**EXERCISE OBJECTIVE:** Lift out, unaltered, the lines of the material below between the line holding "have := mx_norm_ge0 (f Z - Z); lra." and the line holding "apply/negPn/negP; rewrite unitmxE", counting both.

**TASK DATA:**
Lemma mxdot_contraction_fixed : exists Y, f Y = Y.
Proof.
have [k half_contr] := iter_mx_norm_half.
pose g : complete_mx R m n -> complete_mx R m n := iter k f.
have g_contr : is_contraction
    (totalfun g : {fun [set: complete_mx R m n] >-> [set: complete_mx R m n]}).
  by exists (2^-1 : R)%:nng; split => [|[Y Z] _] /=; [lra | exact: half_contr].
have [Z _ gZ] := banach_fixed_point g_contr closedT (ex_intro _ 0 I).
exists Z; apply/eqP; rewrite -subr_eq0; apply/eqP/mx_norm_eq0.
have := half_contr (f Z) Z; rewrite -iterSr iterS -gZ.
have := mx_norm_ge0 (f Z - Z); lra.
Qed.

End Contraction.
End FrobeniusContraction.

Section AbsoluteValueEquation.
Variables (R : realType) (n p : nat) (M : 'M[R]_n) (mu : R).
Hypothesis mu_gt1 : 1 < mu.
Hypothesis M_expanding : forall k (Y : 'M[R]_(n, k)), mu * '[Y] <= '[M *m Y].
Implicit Types G Y Z : 'M[R]_(n, p).

Let mu_gt0 : 0 < mu. Proof. exact: lt_trans mu_gt1. Qed.

Lemma expanding_unitmx : M \in unitmx.
Proof.
apply/negPn/negP; rewrite unitmxE unitfE negbK -det_tr => /det0P [v v_neq0 vM0].
have MvT0 : M *m v^T = 0 by rewrite -[M]trmxK -trmx_mul vM0 trmx0.
have := M_expanding v^T; rewrite MvT0 mxdot0l pmulr_rle0 // leNgt.
by rewrite mxdot_gt0 trmx_eq0 v_neq0.
Qed.

Lemma mulmx_ave_sub G Y Z : M *m Y + mx_abs Y = G -> M *m Z + mx_abs Z = G ->
  M *m (Y - Z) = mx_abs Z - mx_abs Y.
Proof.
move=> Y_G Z_G; rewrite mulmxBr -[M *m Y](addrK (mx_abs Y)).
by rewrite -[M *m Z](addrK (mx_abs Z)) Y_G Z_G opprB addrC addrA subrK.
Qed.

Lemma ave_uniq G Y Z : M *m Y + mx_abs Y = G -> M *m Z + mx_abs Z = G -> Y = Z.
Proof.
move=> /mulmx_ave_sub Y_G /Y_G MYZ.
have := M_expanding (Y - Z); rewrite MYZ -(opprB (mx_abs Y)) mxdotN.
move=> /le_trans/(_ (mxdot_map_norm_le Y Z)) expand.
apply/eqP; rewrite -subr_eq0 -mxdot_eq0 eq_le mxdot_ge0 andbT.
by rewrite -(pmulr_rle0 _ (_ : 0 < mu - 1)) ?subr_gt0 // mulrBl mul1r subr_le0.
Qed.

**RESULT FOR THIS TASK:**
have := mx_norm_ge0 (f Z - Z); lra.
Qed.

End Contraction.
End FrobeniusContraction.

Section AbsoluteValueEquation.
Variables (R : realType) (n p : nat) (M : 'M[R]_n) (mu : R).
Hypothesis mu_gt1 : 1 < mu.
Hypothesis M_expanding : forall k (Y : 'M[R]_(n, k)), mu * '[Y] <= '[M *m Y].
Implicit Types G Y Z : 'M[R]_(n, p).

Let mu_gt0 : 0 < mu. Proof. exact: lt_trans mu_gt1. Qed.

Lemma expanding_unitmx : M \in unitmx.
Proof.
apply/negPn/negP; rewrite unitmxE unitfE negbK -det_tr => /det0P [v v_neq0 vM0].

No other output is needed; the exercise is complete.